[Data extract — start]

(* For every $n \ge 1$, the $\mathbb{Z}$-discriminating complexity of $\mathbb{Z}^n$ asymptotically dominates a polynomial of degree $n-1$, i.e. $(R \mapsto R^{n-1}) \preceq C_{\mathbb{Z}^n}^{\mathbb{Z}}$.
   Context: A homomorphism $\phi: G \to H$ discriminates a finite set $S\subseteq G-\{1\}$ if $1\notin\phi(S)$. For finite generating sets $X$ of $G$, $Y$ of $H$, $|\phi|_X^Y := \max_{x\in X}|\phi(x)|_Y$, and $C_{G,X}^{H,Y}(R) := \min\{|\phi|_X^Y : \phi \text{ discriminates } B_R(G,X)-\{1\}\}$, with $B_R(G,X)$ the closed word-metric ball of radius $R$. For $f,g:\mathbb{N}\to\mathbb{N}$, $f\preceq g$ means there is $K$ with $f(R)\le Kg(KR)+K$ for all $R$; the $\preceq$-class of $C_{G,X}^{H,Y}$ is independent of $X,Y$ and denoted $C_G^H$. *)

From HB Require Import structures.
From mathcomp Require Import all_boot all_order all_algebra.
From Stdlib Require Import ClassicalEpsilon.
Set Implicit Arguments. Unset Strict Implicit. Unset Printing Implicit Defensive.
Import Order.TTheory GRing.Theory Num.Theory.
Local Open Scope ring_scope.

(* Least natural number satisfying P (classical); 0 if none exists. *)
Definition natmin (P : nat -> Prop) : nat :=
  match excluded_middle_informative (exists c, P c) with
  | left h =>
      @ex_minn (fun c => if excluded_middle_informative (P c) then true else false)
        (let (c, hc) := h in
         ex_intro _ c (match excluded_middle_informative (P c) as b
                             return ((if b then true else false) = true) with
                       | left _ => erefl true
                       | right hn => False_ind _ (hn hc) end))
  | right _ => 0%N
  end.

Definition is_hom (U V : zmodType) (f : U -> V) : Prop :=
  forall x y, f (x + y) = f x + f y.

Definition wlen_le (V : zmodType) (X : seq V) (g : V) (k : nat) : Prop :=
  exists s : seq V, (size s <= k)%N /\
    all (fun y => (y \in X) || (- y \in X)) s /\ g = \sum_(y <- s) y.

Definition in_ball (V : zmodType) (X : seq V) (R : nat) (g : V) : Prop :=
  wlen_le X g R.

Definition discriminates_ball (U V : zmodType) (X : seq U) (R : nat) (f : U -> V) : Prop :=
  forall g, in_ball X R g -> g != 0 -> f g != 0.

(* C_{G,X}^{H,Y}(R) = min over discriminating homs phi of max_{x in X} |phi x|_Y,
   i.e. the least c such that some discriminating hom phi has |phi x|_Y <= c
   for all x in X. *)
Definition disc_complexity (U V : zmodType) (X : seq U) (Y : seq V) (R : nat) : nat :=
  natmin (fun c => exists f : U -> V, is_hom f /\ discriminates_ball X R f /\
                     forall x, x \in X -> wlen_le Y (f x) c).

Definition preceq (f g : nat -> nat) : Prop :=
  exists K : nat, forall R : nat, (f R <= K * g (K * R) + K)%N.

Definition std_gens (n : nat) : seq 'rV[int]_n :=
  [seq delta_mx 0 i | i <- enum 'I_n].

From mathcomp Require Import all_boot all_order all_algebra.
From mathcomp Require Import zify.
From Stdlib Require Import ClassicalEpsilon.
Set Implicit Arguments. Unset Strict Implicit. Unset Printing Implicit Defensive.
Import Order.TTheory GRing.Theory Num.Theory.
Local Open Scope ring_scope.

(* If phi : Z^n -> Z discriminates the ball of radius 2nR and maps each
   generator into [-c, c], then it is injective on the box {0..R}^n, whose
   differences lie in that ball, and maps the box into [-cnR, cnR].  Counting
   gives (R+1)^n <= 2cnR + 1, hence R^(n-1) <= 2nc.  A discriminating phi exists
   for every radius r (read the coordinates as digits in base r+1), so the
   complexity is attained and the bound applies to it. *)

Lemma natmin_spec (P : nat -> Prop) : (exists c, P c) -> P (natmin P).
Proof.
move=> exP; rewrite /natmin; case: excluded_middle_informative => [exP'|//].
by case: ex_minnP => m Pm _; move: Pm; case: excluded_middle_informative.
Qed.

Section Homomorphisms.

Variables (U V : zmodType) (f : U -> V).
Hypothesis hom_f : is_hom f.

Lemma hom0 : f 0 = 0.
Proof. by apply/(@addrI _ (f 0)); rewrite -hom_f !addr0. Qed.

Lemma homN x : f (- x) = - f x.
Proof. by apply/(@addrI _ (f x)); rewrite -hom_f !subrr hom0. Qed.

Lemma homB x y : f (x - y) = f x - f y.
Proof. by rewrite hom_f homN. Qed.

Lemma hom_sum (s : seq U) : f (\sum_(y <- s) y) = \sum_(y <- s) f y.
Proof.
elim: s => [|a s IH]; first by rewrite !big_nil hom0.
by rewrite !big_cons hom_f IH.
Qed.

End Homomorphisms.

Section WordLength.

Variables (V : zmodType) (X : seq V).

Lemma wlen_le0 : wlen_le X 0 0.
Proof. by exists [::]; rewrite big_nil. Qed.

Lemma wlen_le_mono a k k' : (k <= k')%N -> wlen_le X a k -> wlen_le X a k'.
Proof. by move=> lekk' [s [les hs]]; exists s; split=> //; apply: leq_trans lekk'. Qed.

Lemma wlen_leD a b k1 k2 :
  wlen_le X a k1 -> wlen_le X b k2 -> wlen_le X (a + b) (k1 + k2).
Proof.
move=> [s [les [hs ->]]] [t [let_ [ht ->]]]; exists (s ++ t).
by rewrite size_cat leq_add // all_cat hs ht big_cat.
Qed.

Lemma wlen_leN a k : wlen_le X a k -> wlen_le X (- a) k.
Proof.
move=> [s [les [hs ->]]]; exists (map -%R s).
rewrite size_map big_map -sumrN all_map; split=> //; split=> //.
by apply/allP => y /(allP hs) /=; rewrite opprK orbC.
Qed.

Lemma wlen_le_muln x m : x \in X -> wlen_le X (x *+ m) m.
Proof.
move=> Xx; elim: m => [|m IH]; first exact: wlen_le0.
rewrite mulrS -add1n; apply: wlen_leD IH.
by exists [:: x]; rewrite /= Xx big_seq1.
Qed.

Lemma wlen_le_sum n (F : 'I_n -> V) (k : 'I_n -> nat) :
  (forall i, wlen_le X (F i) (k i)) -> wlen_le X (\sum_i F i) (\sum_i k i)%N.
Proof.
move=> hF; elim/big_rec2: _ => [|i a b _]; first exact: wlen_le0.
exact: wlen_leD.
Qed.

Lemma norm_hom_wlen_le (f : V -> int) (c k : nat) g :
  is_hom f -> (forall x, x \in X -> `|f x| <= c%:Z) ->
  wlen_le X g k -> `|f g| <= (c * k)%:Z.
Proof.
move=> hom_f fX [s [les [hs ->]]]; rewrite hom_sum //.
apply: (@le_trans _ _ (c * size s)%:Z); last by rewrite lez_nat leq_mul.
elim: s {les} hs => [|a s IH] /=; first by rewrite big_nil.
case/andP=> Xa hs; rewrite big_cons mulnS PoszD.
apply: le_trans (ler_normD _ _) (lerD _ (IH hs)).
by case/orP: Xa => [/fX //|/fX]; rewrite homN // normrN.
Qed.

End WordLength.

Lemma wlen_le_norm (z : int) : wlen_le [:: 1] z `|z|%N.
Proof.
have wlen_nat k : wlen_le [:: 1] k%:Z k by rewrite -natz; apply/wlen_le_muln/mem_head.
by case: z => k //; rewrite NegzE; apply/wlen_leN/wlen_nat.
Qed.

Lemma norm_le_wlen_le (z : int) (c : nat) : wlen_le [:: 1] z c -> `|z| <= c%:Z.
Proof.
move/(@norm_hom_wlen_le _ _ id 1); rewrite mul1n; apply=> // x.
by rewrite inE => /eqP ->.
Qed.

Lemma std_gens_mem n (i : 'I_n) : delta_mx 0 i \in std_gens n.
Proof. by apply/mapP; exists i; rewrite ?mem_enum. Qed.

Lemma coord_wlen_le n (g : 'rV[int]_n) k i :
  wlen_le (std_gens n) g k -> `|g 0 i| <= k%:Z.
Proof.
move/(@norm_hom_wlen_le _ _ (fun g : 'rV[int]_n => g 0 i) 1); rewrite mul1n.
apply=> [x y|_ /mapP [j _ ->]]; rewrite !mxE //.
by case: (i == j).
Qed.

Section DigitExpansion.

Variable B : int.

Definition digits_hom n (g : 'rV[int]_n) : int := \sum_(i < n) g 0 i * B ^+ i.

Lemma digits_hom_is_hom n : is_hom (@digits_hom n).
Proof.
move=> x y; rewrite -big_split; apply: eq_bigr => i _.
by rewrite !mxE mulrDl.
Qed.

Lemma digits_eq0 n (a : 'I_n -> int) :
  (forall i, `|a i| < B) -> \sum_(i < n) a i * B ^+ i = 0 -> forall i, a i = 0.
Proof.
elim: n a => [|n IH] a lt_aB; first by move=> _ [].
rewrite big_ord_recl expr0 mulr1.
under eq_bigr do rewrite exprS mulrCA.
rewrite -mulr_sumr => /eqP; rewrite addr_eq0 => /eqP a0E.
have tail0 : \sum_(i < n) a (lift ord0 i) * B ^+ i = 0.
  apply/eqP; apply: contraTT (lt_aB ord0) => tail_neq0.
  rewrite -leNgt a0E normrN normrM (le_trans (ler_norm B)) //.
  by rewrite ler_peMr // -gtz0_ge1 normr_gt0.
have {}IH := IH _ (fun i => lt_aB _) tail0.
by move=> i; case: (unliftP ord0 i) => [j ->|->] //; rewrite a0E tail0 mulr0 oppr0.
Qed.

End DigitExpansion.

Lemma digits_hom_discriminates n r :
  discriminates_ball (std_gens n) r (@digits_hom r.+1%:Z n).
Proof.
move=> g g_ball; apply: contraNN => /eqP /digits_eq0 g0.
apply/eqP/matrixP => a i; rewrite (ord1 a) mxE; apply: g0 => j.
by apply: le_lt_trans (coord_wlen_le j g_ball) _; rewrite ltz_nat.
Qed.

Lemma disc_complexity_spec n r :
  exists f : 'rV[int]_n -> int, [/\ is_hom f, discriminates_ball (std_gens n) r f &
    forall x, x \in std_gens n -> `|f x| <= (disc_complexity (std_gens n) [:: 1 : int] r)%:Z].
Proof.
have [|f [hom_f [disc_f fX]]] := natmin_spec (P := fun c => exists f : 'rV[int]_n -> int,
  is_hom f /\ discriminates_ball (std_gens n) r f /\
  forall x, x \in std_gens n -> wlen_le [:: 1] (f x) c).
  pose f := @digits_hom r.+1%:Z n.
  exists (\max_(y <- std_gens n) `|f y|)%N, f.
  split; [exact: digits_hom_is_hom | split; first exact: digits_hom_discriminates].
  move=> x Xx; apply: wlen_le_mono (wlen_le_norm (f x)).
  exact: (@leq_bigmax_seq _ _ predT (fun y => `|f y|%N)).
by exists f; split=> // x /fX /norm_le_wlen_le.
Qed.

Section Box.

Variables n R : nat.

Definition box_vec (v : {ffun 'I_n -> 'I_R.+1}) : 'rV[int]_n := \row_j (v j)%:Z.

Lemma box_vec_inj : injective box_vec.
Proof.
move=> v w /matrixP eq_vw; apply/ffunP => i; apply/val_inj.
by have := eq_vw 0 i; rewrite !mxE => -[].
Qed.

Lemma box_vec_wlen_le v : wlen_le (std_gens n) (box_vec v) (n * R).
Proof.
have -> : box_vec v = \sum_(i < n) delta_mx 0 i *+ v i.
  apply/matrixP => a j; rewrite summxE mxE (bigD1 j) //= big1 => [|i neq_ij];
    rewrite -scaler_nat !mxE (ord1 a) /=.
    by rewrite eqxx mulr1 addr0 natz.
  by rewrite eq_sym (negbTE neq_ij) mulr0.
apply: (@wlen_le_mono _ _ _ (\sum_(i < n) v i)%N).
  by rewrite -[in (_ * _)%N](card_ord n) -sum_nat_const leq_sum // => i; rewrite -ltnS.
by apply: wlen_le_sum => i; apply/wlen_le_muln/std_gens_mem.
Qed.

Lemma box_card_le (f : 'rV[int]_n -> int) (c : nat) :
  is_hom f -> discriminates_ball (std_gens n) (2 * (n * R)) f ->
  (forall x, x \in std_gens n -> `|f x| <= c%:Z) ->
  (R.+1 ^ n <= (2 * (c * (n * R))).+1)%N.
Proof.
move=> hom_f disc_f fX; set M := (c * (n * R))%N.
have f_box v : `|f (box_vec v)| <= M%:Z.
  exact: norm_hom_wlen_le fX (box_vec_wlen_le v).
have shift_lt v : (absz (f (box_vec v) + M%:Z)%R < (2 * M).+1)%N.
  by have := f_box v; lia.
pose F v : 'I_(2 * M).+1 := inord (absz (f (box_vec v) + M%:Z)).
have F_inj : injective F.
  move=> v w /(congr1 val); rewrite /= !inordK // => eqF.
  have {eqF} eq_fvw : f (box_vec v) = f (box_vec w).
    by have := f_box v; have := f_box w; lia.
  apply/box_vec_inj/eqP; rewrite -subr_eq0; apply: contraTT isT => neq_vw.
  suff : f (box_vec v - box_vec w) != 0 by rewrite homB // eq_fvw subrr.
  apply: disc_f neq_vw; rewrite mul2n -addnn.
  by apply: wlen_leD; [|apply: wlen_leN]; apply: box_vec_wlen_le.
by have := leq_card F F_inj; rewrite card_ffun !card_ord.
Qed.

End Box.

Theorem mainTheorem9 (n : nat) (hn : (1 <= n)%N) :
  preceq (fun R => (R ^ (n - 1))%N)
         (disc_complexity (std_gens n) [:: (1%R : int)]).
Proof.
exists (2 * n)%N => R.
have [f [hom_f disc_f fX]] := disc_complexity_spec n (2 * n * R).
rewrite -mulnA in disc_f.
have := box_card_le hom_f disc_f fX; move: (disc_complexity _ _ _) => c card_le.
have pow_lt : (R ^ n < R.+1 ^ n)%N by rewrite ltn_exp2r.
have [->|R_gt0] := posnP R.
  by case: (n - 1)%N => [|k]; rewrite ?expnS ?mul0n; lia.
have powE : (R ^ n = R * R ^ (n - 1))%N by rewrite -expnS subn1 prednK.
nia.
Qed.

[Data extract — finish]

__Aim of the exercise__. Throughout the material above, find each line with "then" and return it.

__Response to this exercise__.
      @ex_minn (fun c => if excluded_middle_informative (P c) then true else false)
                             return ((if b then true else false) = true) with
   generator into [-c, c], then it is injective on the box {0..R}^n, whose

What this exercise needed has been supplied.